> **ACTION ITEM**:
Count the lines containing "finite" in the entries underneath, and state that count without anything else.

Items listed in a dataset

(* Let $G$ be a finite group, let $K$ be a normal solvable subgroup of $G$, and let $p \in \pi(G)$. If $d_G(p) < |L(p,G)|$, then $p \notin \pi(K)$.
   Context: For a finite group $X$, $\pi(X)$ is the set of prime divisors of $|X|$. The prime graph $GK(G)$ of $G$ has vertex set $\pi(G)$, with distinct vertices $p,q$ adjacent iff $G$ contains an element of order $pq$; $d_G(p)$ denotes the degree of the vertex $p$ in $GK(G)$. For $p \in \pi(G)$, $w_G(p) = \max\{ i : p^i \mid |G|\}$. For a positive integer $m$, $[m] = \operatorname{lcm}(1,2,\dots,m)$. For $p\in\pi(G)$, define $$L(p,G) = \{ q \in \pi(G)\setminus\{p\} \;:\; p \nmid q^{n}-1 \text{ and } q \nmid p^{\gcd([m],\,q-1)}-1, \text{ where } m = w_G(p),\ n = w_G(q)\}.$$ *)

From mathcomp Require Import all_boot all_fingroup all_solvable.
Set Implicit Arguments. Unset Strict Implicit. Unset Printing Implicit Defensive.
Import GroupScope.

Definition lcm_upto (m : nat) : nat := \big[lcmn/1%N]_(1 <= i < m.+1) i.

Section PrimeGraph.
Variable gT : finGroupType.

Definition wG (G : {group gT}) (p : nat) : nat := logn p #|G|.

Definition gk_adj (G : {group gT}) (p q : nat) : bool :=
  (p != q) && [exists x in G, #[x] == (p * q)%N].

Definition gk_deg (G : {group gT}) (p : nat) : nat :=
  size [seq q <- primes #|G| | gk_adj G p q].

Definition Lset (G : {group gT}) (p : nat) : seq nat :=
  [seq q <- primes #|G| |
     (q != p) &&
     ~~ (p %| q ^ wG G q - 1) &&
     ~~ (q %| p ^ gcdn (lcm_upto (wG G p)) (q - 1) - 1)].

End PrimeGraph.

From mathcomp Require Import all_boot all_fingroup all_solvable.
Import GroupScope.

Set Implicit Arguments.
Unset Strict Implicit.
Unset Printing Implicit Defensive.

(* Every q in L(p,G) is adjacent to p in GK(G), so |L(p,G)| <= d_G(p) as soon
   as p divides |K|.  Put M = O_p'(K), a normal subgroup of G.  If q divides
   |G/M|, an element y of order q in G/M acts on N = O_p(K/M), which is
   nontrivial because K/M is solvable with trivial p'-core; as |N| = p^j with
   j <= w_G(p), q does not divide |N| - 1, so y centralizes an element a of
   order p, and a preimage of ay yields an element of order pq in G.  If q does
   not divide |G/M|, a Sylow q-subgroup Q of M has order q^(w_G(q)), and by the
   Frattini argument N_G(Q) contains an element of order p; since p does not
   divide |Q| - 1 it centralizes an element of order q.  The condition on
   gcd([w_G(p)], q-1) is exactly what rules out q | p^j - 1 for 1 <= j <= w_G(p). *)

Section PowersModPrime.
Local Open Scope nat_scope.

Lemma lcm_upto_gt0 m : 0 < lcm_upto m.
Proof.
elim: m => [|m IHm]; first by rewrite /lcm_upto big_geq.
by rewrite /lcm_upto big_nat_recr //= -/(lcm_upto m) lcmn_gt0 IHm.
Qed.

Lemma dvdn_lcm_upto k m : 0 < k <= m -> k %| lcm_upto m.
Proof.
elim: m => [|m IHm] /andP[k_gt0 le_km]; first by case: k k_gt0 le_km.
rewrite /lcm_upto big_nat_recr //= -/(lcm_upto m).
case: ltngtP le_km => // [lt_km _ | -> _]; last exact: dvdn_lcmr.
by apply: dvdn_trans (dvdn_lcml _ _); rewrite IHm ?k_gt0.
Qed.

Lemma dvdn_expn_sub1 p q k : 0 < p -> (q %| p ^ k - 1) = (p ^ k == 1 %[mod q]).
Proof. by move=> p_gt0; rewrite eqn_mod_dvd // expn_gt0 p_gt0. Qed.

Lemma expn_mod1_mul p q a c : p ^ a = 1 %[mod q] -> p ^ (a * c) = 1 %[mod q].
Proof. by move=> pa1; rewrite expnM -modnXm pa1 modnXm exp1n. Qed.

Lemma expn_mod1_gcd p q a b : 0 < a ->
  p ^ a = 1 %[mod q] -> p ^ b = 1 %[mod q] -> p ^ gcdn a b = 1 %[mod q].
Proof.
move=> a_gt0 pa1 pb1; have [c _ /dvdnP[d def_da]] := Bezoutl b a_gt0.
have pcb1 : p ^ (c * b) = 1 %[mod q] by rewrite mulnC expn_mod1_mul.
have pda1 : p ^ (d * a) = 1 %[mod q] by rewrite mulnC expn_mod1_mul.
have := congr1 (modn^~ q) (congr1 (expn p) def_da).
by rewrite /= expnD -modnMmr pcb1 modnMmr muln1 pda1.
Qed.

(* The order of p modulo q divides both [m] and q - 1. *)
Lemma dvdn_expn_gcd_lcm_upto p q k m : prime q -> coprime p q -> 0 < k <= m ->
  q %| p ^ k - 1 -> q %| p ^ gcdn (lcm_upto m) (q - 1) - 1.
Proof.
move=> q_pr co_pq le_km.
have p_gt0 : 0 < p.
  by case: p co_pq => //; rewrite /coprime gcd0n => /eqP q1; rewrite q1 in q_pr.
rewrite !dvdn_expn_sub1 // => /eqP pk1; apply/eqP.
apply: expn_mod1_gcd; first exact: lcm_upto_gt0.
  have /dvdnP[c ->] : k %| lcm_upto m by exact: dvdn_lcm_upto.
  by rewrite mulnC expn_mod1_mul.
by rewrite subn1 -totient_prime // Euler_exp_totient // coprime_sym.
Qed.

End PowersModPrime.

Lemma exists_expg_order (gT : finGroupType) (g : gT) n :
  (n %| #[g])%N -> exists k, #[g ^+ k] = n.
Proof.
case/dvdnP=> c def_g; have : (0 < c * n)%N by rewrite -def_g.
rewrite muln_gt0 => /andP[c_gt0 n_gt0].
by exists c; rewrite orderXdiv def_g ?mulKn ?dvdn_mulr.
Qed.

Lemma quotient_order_lift (gT : finGroupType) (G M : {group gT}) (xb : coset_of M) n :
  xb \in G / M -> #[xb] = n -> exists2 h, h \in G & #[h] = n.
Proof.
case/morphimP=> g Ng Gg -> og; have := morph_order (coset_morphism M) Ng.
rewrite /= og => /exists_expg_order[k ogk].
by exists (g ^+ k); rewrite ?groupX.
Qed.

(* Counting fixed points of <[y]> on N modulo s. *)
Lemma pgroup_cent_elt (gT : finGroupType) (N : {group gT}) (y : gT) r s :
  prime r -> prime s -> r.-group N -> N :!=: 1 -> y \in 'N(N) -> s.-elt y ->
  ~~ (s %| #|N| - 1)%N -> exists2 a, a \in N & #[a] = r /\ commute a y.
Proof.
move=> r_pr s_pr rN ntN nNy s_y not_s_N1.
have act_y : [acts <[y]>, on N | 'J] by rewrite astabsJ cycle_subG.
have N_mod := pgroup_fix_mod s_y act_y; rewrite afixJ in N_mod.
have ntC : 'C_N(<[y]>) :!=: 1.
  apply: contra not_s_N1 => /eqP C1.
  by rewrite -eqn_mod_dvd ?cardG_gt0 // N_mod C1 cards1.
have [_ r_C _] := pgroup_pdiv (pgroupS (subsetIl _ _) rN) ntC.
have [a /setIP[Na /centP cay] oa] := Cauchy r_pr r_C.
by exists a => //; split; last exact: cay (cycle_id y).
Qed.

Lemma pcore_quotient_pcore'_neq1 (gT : finGroupType) (K : {group gT}) p :
  prime p -> solvable K -> (p %| #|K|)%N -> 'O_p(K / 'O_p^'(K)) != 1.
Proof.
move=> p_pr solK pK.
rewrite -(Fitting_eq_pcore (trivg_pcore_quotient _ _)) trivg_Fitting ?quotient_sol //.
rewrite -subG1 quotient_sub1 ?normal_norm ?pcore_normal //.
apply: contraL pK => /(pgroupS)/(_ (pcore_pgroup _ _)) /pgroupP p'K.
by apply/negP => /p'K; rewrite !inE eqxx => /(_ p_pr).
Qed.

Section AdjacentPrimes.
Variables (gT : finGroupType) (G K : {group gT}) (p q : nat).
Hypotheses (nKG : K <| G) (solK : solvable K).
Hypotheses (p_pr : prime p) (q_pr : prime q) (neq_pq : p != q).
Hypotheses (p_K : (p %| #|K|)%N) (q_G : (q %| #|G|)%N).
Hypothesis not_p_qw : ~~ (p %| q ^ wG G q - 1)%N.
Hypothesis not_q_pk : forall k, (0 < k <= wG G p)%N -> ~~ (q %| p ^ k - 1)%N.

Local Notation M := 'O_p^'(K).

Lemma coprime_pq : coprime p q.
Proof. by rewrite prime_coprime // dvdn_prime2. Qed.

Lemma order_pq_through_quotient :
  (q %| #|G / M|)%N -> exists2 x, x \in G & #[x] = (p * q)%N.
Proof.
move=> q_GM; have [yb Gyb oyb] := Cauchy q_pr q_GM.
set N := 'O_p(K / M).
have nNG : N <| G / M := char_normal_trans (pcore_char _ _) (quotient_normal _ nKG).
have pN : p.-group N := pcore_pgroup _ _.
have ntN : N != 1 := pcore_quotient_pcore'_neq1 p_pr solK p_K.
have not_q_N1 : ~~ (q %| #|N| - 1)%N.
  have [_ _ [j oN]] := pgroup_pdiv pN ntN.
  rewrite oN not_q_pk //= /wG -pfactor_dvdn // -oN.
  apply: dvdn_trans (cardSg (pcore_sub _ _)) _.
  exact: dvdn_trans (dvdn_quotient _ _) (cardSg (normal_sub nKG)).
have q_yb : q.-elt yb by rewrite /p_elt oyb pnat_id.
have nNyb := subsetP (normal_norm nNG) _ Gyb.
have [a Na [oa cayb]] := pgroup_cent_elt p_pr q_pr pN ntN nNyb q_yb not_q_N1.
apply: (@quotient_order_lift _ G M (a * yb)).
  by rewrite groupM // (subsetP (normal_sub nNG)).
by rewrite orderM ?oa ?oyb ?coprime_pq.
Qed.

Lemma order_pq_through_Sylow :
  ~~ (q %| #|G / M|)%N -> exists2 x, x \in G & #[x] = (p * q)%N.
Proof.
move=> not_q_GM; have nMG : M <| G := char_normal_trans (pcore_char _ _) nKG.
have not_p_M : ~~ (p %| #|M|)%N.
  by apply/negP => /(pgroupP (pcore_pgroup _ _) p p_pr); rewrite !inE eqxx.
have [Q sylQ] := Sylow_exists q M.
have qQ : q.-group Q := pHall_pgroup sylQ.
have oQ : #|Q| = (q ^ wG G q)%N.
  rewrite (card_Hall sylQ) p_part /wG -(Lagrange (normal_sub nMG)).
  rewrite -card_quotient ?normal_norm // lognM ?cardG_gt0 //.
  by rewrite [logn q #|_ / _|]logn_coprime ?addn0 // prime_coprime.
have ntQ : Q :!=: 1.
  rewrite -cardG_gt1 oQ -{1}(expn0 q) ltn_exp2l ?prime_gt1 // logn_gt0.
  by rewrite mem_primes q_pr cardG_gt0.
have p_NGQ : (p %| #|'N_G(Q)|)%N.
  have := mul_cardG M 'N_G(Q); rewrite (Frattini_arg nMG sylQ) => MN_G.
  have : (p %| #|M| * #|'N_G(Q)|)%N.
    by rewrite MN_G dvdn_mulr // (dvdn_trans p_K) ?cardSg ?normal_sub.
  by rewrite Euclid_dvdM // (negbTE not_p_M).
have [x /setIP[Gx nQx] ox] := Cauchy p_pr p_NGQ.
have p_x : p.-elt x by rewrite /p_elt ox pnat_id.
have not_p_Q1 : ~~ (p %| #|Q| - 1)%N by rewrite oQ.
have [a Qa [oa cax]] := pgroup_cent_elt q_pr p_pr qQ ntQ nQx p_x not_p_Q1.
have Ga : a \in G.
  exact: subsetP (normal_sub nMG) a (subsetP (pHall_sub sylQ) a Qa).
exists (a * x); first exact: groupM.
by rewrite orderM ?oa ?ox 1?mulnC // coprime_sym coprime_pq.
Qed.

Lemma exists_order_pq : exists2 x, x \in G & #[x] = (p * q)%N.
Proof.
by case: (boolP (q %| #|G / M|)%N); [exact: order_pq_through_quotient
                                  | exact: order_pq_through_Sylow].
Qed.

End AdjacentPrimes.

Lemma gk_adj_Lset (gT : finGroupType) (G K : {group gT}) p q :
  K <| G -> solvable K -> p \in primes #|K| -> q \in Lset G p -> gk_adj G p q.
Proof.
move=> nKG solK; rewrite mem_primes => /and3P[p_pr _ p_K].
rewrite mem_filter mem_primes.
case/andP=> /andP[/andP[neq_qp not_p_qw] not_q_gcd] /and3P[q_pr _ q_G].
have neq_pq : p != q by rewrite eq_sym.
have not_q_pk k : (0 < k <= wG G p)%N -> ~~ (q %| p ^ k - 1)%N.
  move=> le_kw; apply: contra not_q_gcd; apply: dvdn_expn_gcd_lcm_upto le_kw => //.
  exact: coprime_pq.
have [x Gx ox] :=
  exists_order_pq nKG solK p_pr q_pr neq_pq p_K q_G not_p_qw not_q_pk.
by rewrite /gk_adj neq_pq; apply/existsP; exists x; rewrite Gx ox eqxx.
Qed.

Theorem theorem2p7 (gT : finGroupType) (G K : {group gT}) (p : nat) :
  K <| G -> solvable K -> p \in primes #|G| ->
  gk_deg G p < size (Lset G p) ->
  p \notin primes #|K|.
Proof.
move=> nKG solK _ lt_deg_L; apply/negP => p_K.
have : subseq (Lset G p) [seq q <- primes #|G| | gk_adj G p q].
  rewrite subseq_filter filter_subseq andbT.
  by apply/allP => q; apply: gk_adj_Lset p_K.
by move/size_subseq; rewrite leqNgt lt_deg_L.
Qed.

> **EXERCISE ANSWER**:
2